7 Americans Lost at Sea Could Survive Warm Waters


Capsizing Shows Life Jackets Important

But Julie Munger, owner of Sierra Rescue, a Taylorsville, Calif., swift water and flood rescue company, said warm waters were irrelevant unless they were comparable to the body's temperature of 98.6 degrees.

"Eventually, if the water temperature is lower than the body temperature, you can succumb to hypothermia," she said. "It wears you down over time."

The biggest determinant of survival in a boating accident is using a life jacket, according to Munger.

"I have been around water for 30 years," she said. "I've seen friends drown in lakes paddling on flat water. It's an important warning to use life jackets and then your chance of survival increases."

And for those who are on cruise ships or sleeping, "know where the life jackets are so you can grab one," said Munger. "A lot of people don't pay attention to the briefings."

Baja survivor David Levine said that when the boat capsized, the men ran to the deck to help each other. "Everybody jumped into the water," he told the San Francisco Chronicle. "A lot of people went in with no life vest."

Joelle Bautista told the newspaper that her husband Russell Bautista, who is still missing, grabbed a life jacket but, "from what I heard, it was hard to hold on to them if you were running."

Those who did survive were shown in photos Monday in T-shirts and Bermuda shorts waiting to board buses. All were in good condition -- some with sunburns -- and with a few scrapes.
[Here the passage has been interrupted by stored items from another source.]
(* Under future uniqueness every state x has exactly one future string
   E^{[0,l-1]}(x), and reachability makes it exist; hence x |-> E^{[0,l-1]}(x)
   identifies the quotient machine with the abstract future machine, and along
   a transition x -y-> x' the future of x is y followed by the first l-1
   symbols of the future of x'.  For the simulation into the past machine, a
   future string f is related to a past string p when every window of length
   l+1 of p.f occurs in some behaviour.  The first window p.y then yields a
   transition of the past machine, and the windows of the shifted pair are
   either old windows or y.f', which occurs in a behaviour obtained by
   splicing a run reaching x with a run leaving x'. *)

Section Restriction.
Variable T : Type.
Implicit Types (w : Z -> T) (a b c : Z).

Lemma size_restr w a b : size (restr w a b) = Z.to_nat (b - a + 1).
Proof. by rewrite /restr size_map size_iota. Qed.

Lemma nth_restr w a b d i : (i < Z.to_nat (b - a + 1))%N ->
  nth d (restr w a b) i = w (a + Z.of_nat i)%Z.
Proof. by move=> Hi; rewrite /restr (nth_map 0%N) ?size_iota // nth_iota. Qed.

Lemma restr_nil w a b : (b - a + 1 <= 0)%Z -> restr w a b = [::].
Proof. by move=> H; apply/size0nil; rewrite size_restr; lia. Qed.

Lemma restr_ext w w' a b a' b' : (b' - a' = b - a)%Z ->
  (forall i : nat, (i < Z.to_nat (b - a + 1))%N ->
     w (a + Z.of_nat i)%Z = w' (a' + Z.of_nat i)%Z) ->
  restr w a b = restr w' a' b'.
Proof.
move=> Hlen Hw; rewrite /restr Hlen; apply/eq_in_map => i.
by rewrite mem_iota add0n => /andP[_]; apply: Hw.
Qed.

Lemma restr_cons w a b : (a <= b)%Z -> restr w a b = w a :: restr w (a + 1) b.
Proof.
move=> Hab; apply: (eq_from_nth (x0 := w a)).
  by rewrite /= !size_restr; lia.
move=> [|i]; rewrite size_restr => Hi.
  by rewrite nth_restr //= Z.add_0_r.
by rewrite nth_restr //= nth_restr; [congr w | ]; lia.
Qed.

Lemma take_restr w a b n : (n <= Z.to_nat (b - a + 1))%N ->
  take n (restr w a b) = restr w a (a + Z.of_nat n - 1).
Proof. by move=> Hn; rewrite /restr -map_take take_iota; congr (map _ (iota _ _)); lia. Qed.

Lemma drop_restr w a b n : (n <= Z.to_nat (b - a + 1))%N ->
  drop n (restr w a b) = restr w (a + Z.of_nat n) b.
Proof.
move=> Hn; rewrite /restr -map_drop drop_iota add0n -[n in iota n](addn0 n) iotaDl.
have -> : (Z.to_nat (b - a + 1) - n = Z.to_nat (b - (a + Z.of_nat n) + 1))%N by lia.
rewrite -map_comp.
by apply: eq_map => i /=; congr w; lia.
Qed.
They had paid $995 per person for the six-day charter. The tourists, most from Northern California, had spent the night before eating gourmet dinners of fresh-caught fish.

The accident happened on their second day, about 60 miles south of the Port of San Felipe, a haven for windsurfers and sports fishermen.

Tourist Michael Ng of Belmont, Calif., said that he and another fisherman made it to shore buoyed by an ice chest.

"I'm relieved I'm alive, but I'm scared for the people who haven't been found yet," he told the Mercury News. "We were not very far from shore, so people were beached or stranded on some local islands."

Ng, an avid fisherman, went on the all-male trip last year and had bragged to his wife about coming home with "monster" fish. This trip "was supposed to be another great story," said Ya Ng.

But the families of the seven men who are still unaccounted for worry they might not get to recount those tall tales.

"I'm beyond concerned," Kristina Bronstein, who is engaged to missing tourist Mark Dorland of Twain Harte, Calif., told the Associated Press.

Dorland, 62, was one of the first people to fall into the water, according to the Associated Press. He wasn't wearing a life vest.

His survival may also depend upon whether he was isolated or with a group of other survivors, as it's harder for rescue teams to find a lone survivor.

"With someone else to commiserate with, that can buoy spirits," said McGinnis. "If it's a large group it's easier to spot, but it's still a big ocean."